_Your assignment_:
Working through the records below, count the lines that include "auto". The reply is that number alone.

_Available data_:
Lemma packing_sum_ge n r : at_level n r -> exists v, packing_sum r v /\
  exp (- (Rabs s * depth_loss)) * exp (sum_from (log_Z s) 1 n) <= v.
Proof.
  intros Hr.
  set (cs := map (fun w => fst (interval A B N w)) (words n)).
  exists (fold_right Rplus 0 (map (fun c => Rpower (mu_ball A B p q N c r) s) cs)); split.
  - exists cs; repeat split.
    + intros c Hc; apply in_map_iff in Hc as [w [<- _]]; apply left_endpoint_inX.
    + apply ForallOrdPairs_map; [apply NoDup_words|]; intros u v Hu Hv Huv.
      apply In_words in Hu, Hv.
      destruct Hr; pose proof (ell_pos n).
      apply Rlt_le_trans with ((B - 1) * ell n); [nra|].
      destruct (interval_gap u v ltac:(congruence) Huv); rewrite Hu in *; split_Rabs; lra.
  - unfold cs; rewrite sum_list_fold, sum_list_map, <- sum_mass_aux_pow, <- sum_list_scal.
    apply sum_list_le; intros u Hu; apply In_words in Hu.
    set (w := u ++ repeat false D).
    assert (Hw : length w = (n + D)%nat) by (unfold w; rewrite length_app, repeat_length; lia).
    assert (Hfirst : firstn n w = u).
    { unfold w; rewrite firstn_app, <- Hu, firstn_all, Nat.sub_diag, app_nil_r; reflexivity. }
    assert (Hc : in_interval w (fst (interval A B N u))).
    { pose proof (interval_length_pos w); red; unfold w in *; rewrite interval_zeros; lra. }
    destruct (mu_ball_mass_close _ r w n Hc Hw Hr) as [Hpos [_ Hclose]]; rewrite Hfirst in Hclose.
    rewrite Rabs_minus_sym in Hclose.
    pose proof (Rpower_le_of_ln_close _ _ _ s (mass_pos u) Hpos Hclose).
    rewrite exp_Ropp; unfold mass in *.
    apply (Rmult_le_reg_l (exp (Rabs s * depth_loss))); [apply exp_pos|].
    rewrite <- Rmult_assoc, Rinv_r, Rmult_1_l by apply exp_neq_0; lra.
Qed.

Lemma S_r_bounds n r : at_level n r ->
  exp (- (Rabs s * depth_loss)) * exp (sum_from (log_Z s) 1 n)
    <= S_r A B p q N r s <=
  exp (Rabs s * depth_loss) * exp (sum_from (log_Z s) 1 (n + D)).
Proof.
  intros Hr; change (S_r A B p q N r s) with (Rsup (packing_sum r)); split.
  - destruct (packing_sum_ge n r Hr) as [v [Hv Hle]].
    eapply Rle_trans; [apply Hle | apply Rsup_ge; auto].
    eexists; intros x Hx; apply (packing_sum_le n r x Hr Hx).
  - apply Rsup_le; [exists 0, nil; split; [intros c [] | split; [constructor | reflexivity]]|].
    intros x Hx; apply (packing_sum_le n r x Hr Hx).
Qed.

(** * The exponent log S_r / log r *)

Definition beta_at (k : nat) : R := beta (ratio A B N k) (weight p q N k) s.

Definition beta_bound : R := Rabs (beta A p s) + Rabs (beta B q s).

Lemma log_Z_eq k : log_Z s k = - (beta_at k * log_ratio k).
Proof.
  pose proof (log_ratio_pos k); unfold beta_at, beta, log_Z, log_ratio in *; field; lra.
Qed.

Lemma beta_at_typeA k : typeA N k -> beta_at k = beta A p s.
Proof.
  intros H; unfold beta_at, ratio, weight.
  destruct excluded_middle_informative; [reflexivity | contradiction].
Qed.

Lemma beta_at_not_typeA k : ~ typeA N k -> beta_at k = beta B q s.
Proof.
  intros H; unfold beta_at, ratio, weight.
  destruct excluded_middle_informative; [contradiction | reflexivity].
Qed.

Lemma beta_at_between k :
  Rmin (beta A p s) (beta B q s) <= beta_at k <= Rmax (beta A p s) (beta B q s).
Proof.
  pose proof (Rmin_l (beta A p s) (beta B q s)); pose proof (Rmin_r (beta A p s) (beta B q s)).
  pose proof (Rmax_l (beta A p s) (beta B q s)); pose proof (Rmax_r (beta A p s) (beta B q s)).
  destruct (classic (typeA N k)); [rewrite beta_at_typeA | rewrite beta_at_not_typeA]; auto; lra.
Qed.

Lemma Rabs_beta_at_le k : Rabs (beta_at k) <= beta_bound.
Proof. apply Rabs_le_of_between, beta_at_between. Qed.

Lemma Rabs_mul_log_ratio_le x X k : Rabs x <= X -> Rabs (x * log_ratio k) <= X * ln A.
Proof.
  intros Hx; pose proof (log_ratio_pos k); pose proof (log_ratio_bounds k).
  rewrite Rabs_mult, (Rabs_pos_eq (log_ratio k)) by lra.
  apply Rmult_le_compat; auto using Rabs_pos; lra.
Qed.

Definition beta_sum (n : nat) : R := sum_from (fun k => beta_at k * log_ratio k) 1 n.

Definition mean_beta (n : nat) : R := beta_sum n / sum_from log_ratio 1 n.

Lemma sum_log_ratio_ge n : INR n * ln B <= sum_from log_ratio 1 n.
Proof. apply (sum_from_bounds log_ratio (ln B) (ln A) 1 n log_ratio_bounds). Qed.

Lemma sum_log_ratio_pos n : (1 <= n)%nat -> 0 < sum_from log_ratio 1 n.
Proof.
  intros Hn; pose proof (sum_log_ratio_ge n); pose proof ln_B_pos.
  pose proof (le_INR 1 n Hn); simpl in *; nra.
Qed.

(* Also for n = 0, where both sides vanish because 0 / 0 = 0. *)
Lemma beta_sum_eq_mean n : beta_sum n = mean_beta n * sum_from log_ratio 1 n.
Proof.
  unfold mean_beta; destruct n as [|n]; [unfold beta_sum; simpl; ring|].
  pose proof (sum_log_ratio_pos (S n) ltac:(lia)); field; lra.
Qed.

Lemma mean_beta_between n : (1 <= n)%nat ->
  Rmin (beta A p s) (beta B q s) <= mean_beta n <= Rmax (beta A p s) (beta B q s).
Proof.
  intros Hn; pose proof (sum_log_ratio_pos n Hn).
  destruct (sum_from_weighted (fun k => beta_at k * log_ratio k) log_ratio
              (Rmin (beta A p s) (beta B q s)) (Rmax (beta A p s) (beta B q s)) 1 n).
  { intros j; destruct (beta_at_between j); pose proof (log_ratio_pos j); split; nra. }
  unfold mean_beta, beta_sum; split; [apply Rle_div_of_mul_le | apply Rdiv_le_of_le_mul]; lra.
Qed.

Lemma mean_beta_close m n t : (m <= n)%nat -> (1 <= n)%nat ->
  (forall k, (m < k <= n)%nat -> beta_at k = t) ->
  Rabs (mean_beta n - t) <= INR m * ((beta_bound + Rabs t) * ln A) / (INR n * ln B).
Proof.
  intros Hmn Hn Hrun.
  assert (Htail : Rabs (beta_sum n - t * sum_from log_ratio 1 n)
                    <= INR m * ((beta_bound + Rabs t) * ln A)).
  { apply sum_from_tail; auto.
    - intros j; rewrite <- Rmult_minus_distr_r; apply Rabs_mul_log_ratio_le.
      pose proof (Rabs_beta_at_le j); pose proof (Rabs_triang (beta_at j) (- t)).
      rewrite Rabs_Ropp in *; unfold Rminus; lra.
    - intros j Hj; rewrite (Hrun j) by lia; reflexivity. }
  pose proof (sum_log_ratio_ge n); pose proof (sum_log_ratio_pos n Hn).
  pose proof ln_B_pos; pose proof (le_INR 1 n Hn); simpl in *.
  rewrite beta_sum_eq_mean, <- Rmult_minus_distr_r, Rabs_mult, (Rabs_pos_eq (sum_from _ _ _))
    in Htail by lra.
  apply Rle_div_of_mul_le; [nra|].
  eapply Rle_trans; [apply Rmult_le_compat_l; [apply Rabs_pos | eassumption] | exact Htail].
Qed.

Lemma ln_S_r_close n r : at_level n r ->
  Rabs (ln (S_r A B p q N r s) + beta_sum n) <= Rabs s * depth_loss + INR D * (beta_bound * ln A).
Proof.
  intros Hr; destruct (S_r_bounds n r Hr) as [Hlo Hhi]; rewrite <- exp_plus in Hlo, Hhi.
  pose proof (exp_pos (- (Rabs s * depth_loss) + sum_from (log_Z s) 1 n)).
  apply ln_le_mono in Hhi; [|lra]; apply ln_le_mono in Hlo; [|apply exp_pos].
  rewrite ln_exp, sum_from_add in Hhi; rewrite ln_exp in Hlo.
  assert (Hsum : forall k n,
            sum_from (log_Z s) k n = - sum_from (fun k => beta_at k * log_ratio k) k n).
  { intros; rewrite <- sum_from_opp; apply sum_from_ext, log_Z_eq. }
  rewrite !Hsum in *; fold (beta_sum n) in *.
  destruct (sum_from_bounds (fun k => beta_at k * log_ratio k)
              (- (beta_bound * ln A)) (beta_bound * ln A) (1 + n) D).
  { intros j; apply Rabs_le_between, Rabs_mul_log_ratio_le, Rabs_beta_at_le. }
  apply Rabs_le_between; lra.
Qed.

Lemma ln_r_close n r : at_level n r ->
  Rabs (- ln r - sum_from log_ratio 1 n) <= INR D * ln A + Rabs (ln ((B - 2) / 2)).
Proof.
  intros [Hlo Hhi]; pose proof (ell_pos (n + D)); pose proof (ell_pos n).
  apply ln_increasing in Hhi; [|lra]; apply ln_le_mono in Hlo; auto.
  unfold ell in Hlo, Hhi; rewrite ln_mult, ln_exp in Hhi by (lra || apply exp_pos).
  rewrite ln_exp, sum_from_add in Hlo.
  destruct (sum_from_bounds log_ratio (ln B) (ln A) (1 + n) D log_ratio_bounds).
  pose proof ln_B_pos; pose proof (pos_INR D).
  apply Rabs_le_between; split_Rabs; nra.
Qed.

Lemma uniform_estimate : exists E, forall n r, (1 <= n)%nat -> at_level n r -> r < 1 ->
  Rabs (ln (S_r A B p q N r s) / ln r - mean_beta n) <= E / (- ln r).
Proof.
  set (K0 := Rabs s * depth_loss + INR D * (beta_bound * ln A)).
  set (K1 := INR D * ln A + Rabs (ln ((B - 2) / 2))).
  assert (HK1 : 0 <= K1).
  { unfold K1; pose proof (Rabs_pos (ln ((B - 2) / 2))); pose proof ln_A_pos.
    pose proof (pos_INR D); nra. }
  exists (K0 + beta_bound * K1); intros n r Hn Hr Hr1.
  assert (HY : 0 < - ln r).
  { pose proof (ell_pos (n + D)); destruct Hr; pose proof (ln_neg r); lra. }
  replace (ln (S_r A B p q N r s) / ln r) with (- ln (S_r A B p q N r s) / - ln r) by (field; lra).
  eapply Rle_trans.
  - apply quotient_close with (a := beta_sum n) (b := sum_from log_ratio 1 n) (K0 := K0) (K1 := K1);
      auto using beta_sum_eq_mean, ln_r_close.
    replace (- ln (S_r A B p q N r s) - beta_sum n) with (- (ln (S_r A B p q N r s) + beta_sum n))
      by ring.
    rewrite Rabs_Ropp; apply ln_S_r_close, Hr.
  - pose proof (Rabs_le_of_between _ _ _ (mean_beta_between n Hn)); fold beta_bound in *.
    unfold Rdiv; apply Rmult_le_compat_r; [apply Rlt_le, Rinv_0_lt_compat; lra | nra].
Qed.

Lemma ell_small rho : 0 < rho -> exists X, forall n, X <= INR n -> ell n < rho.
Proof.
  intros Hrho; pose proof ln_B_pos; exists ((- ln rho + 1) / ln B); intros n Hn.
  eapply Rle_lt_trans; [apply (ell_add_le 0 n)|].
  rewrite ell_0, Rmult_1_l, <- (exp_ln rho) by lra; apply exp_increasing.
  apply Rmult_le_compat_r with (r := ln B) in Hn; [|lra].
  unfold Rdiv in Hn; rewrite Rmult_assoc, Rinv_l in Hn; lra.
Qed.

Hypothesis hD : exp (- INR D * ln B) <= (B - 2) / (2 * A).

Lemma exists_level r : 0 < r < (B - 2) / 2 * ell 1 -> exists n, (1 <= n)%nat /\ at_level n r.
Proof.
  intros [Hr0 Hr1].
  destruct (ell_small (2 * r / (B - 2))) as [X HX]; [apply Rdiv_lt_0_compat; lra|].
  destruct (INR_unbounded X) as [m Hm].
  assert (Hnot : ~ r < (B - 2) / 2 * ell (S m)).
  { assert (ell (S m) < 2 * r / (B - 2)) by (apply HX; rewrite S_INR; lra).
    apply Rle_not_lt; apply Rmult_lt_compat_l with (r := (B - 2) / 2) in H; [|lra].
    replace ((B - 2) / 2 * (2 * r / (B - 2))) with r in H by (field; lra); lra. }
  destruct (last_before (fun n => r < (B - 2) / 2 * ell n) 1 (S m) ltac:(lia) Hr1 Hnot)
    as [n [Hn [Hlt Hge]]].
  exists n; repeat split; auto.
  apply Rnot_lt_le in Hge.
  assert (HA : ell n / A <= ell (S n)).
  { pose proof (ell_add_ge n 1) as H; rewrite Nat.add_1_r in H.
    replace (- INR 1 * ln A) with (- ln A) in H by (simpl; ring).
    rewrite exp_Ropp, exp_ln in H by lra; exact H. }
  assert (HD : ell (n + D) <= ell n * ((B - 2) / (2 * A)))
    by (pose proof (ell_add_le n D); pose proof (ell_pos n); nra).
  replace (ell n * ((B - 2) / (2 * A))) with ((B - 2) / 2 * (ell n / A)) in HD by (field; lra).
  pose proof (Rmult_le_compat_l ((B - 2) / 2) _ _ ltac:(lra) HA); lra.
Qed.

_Task response_:
7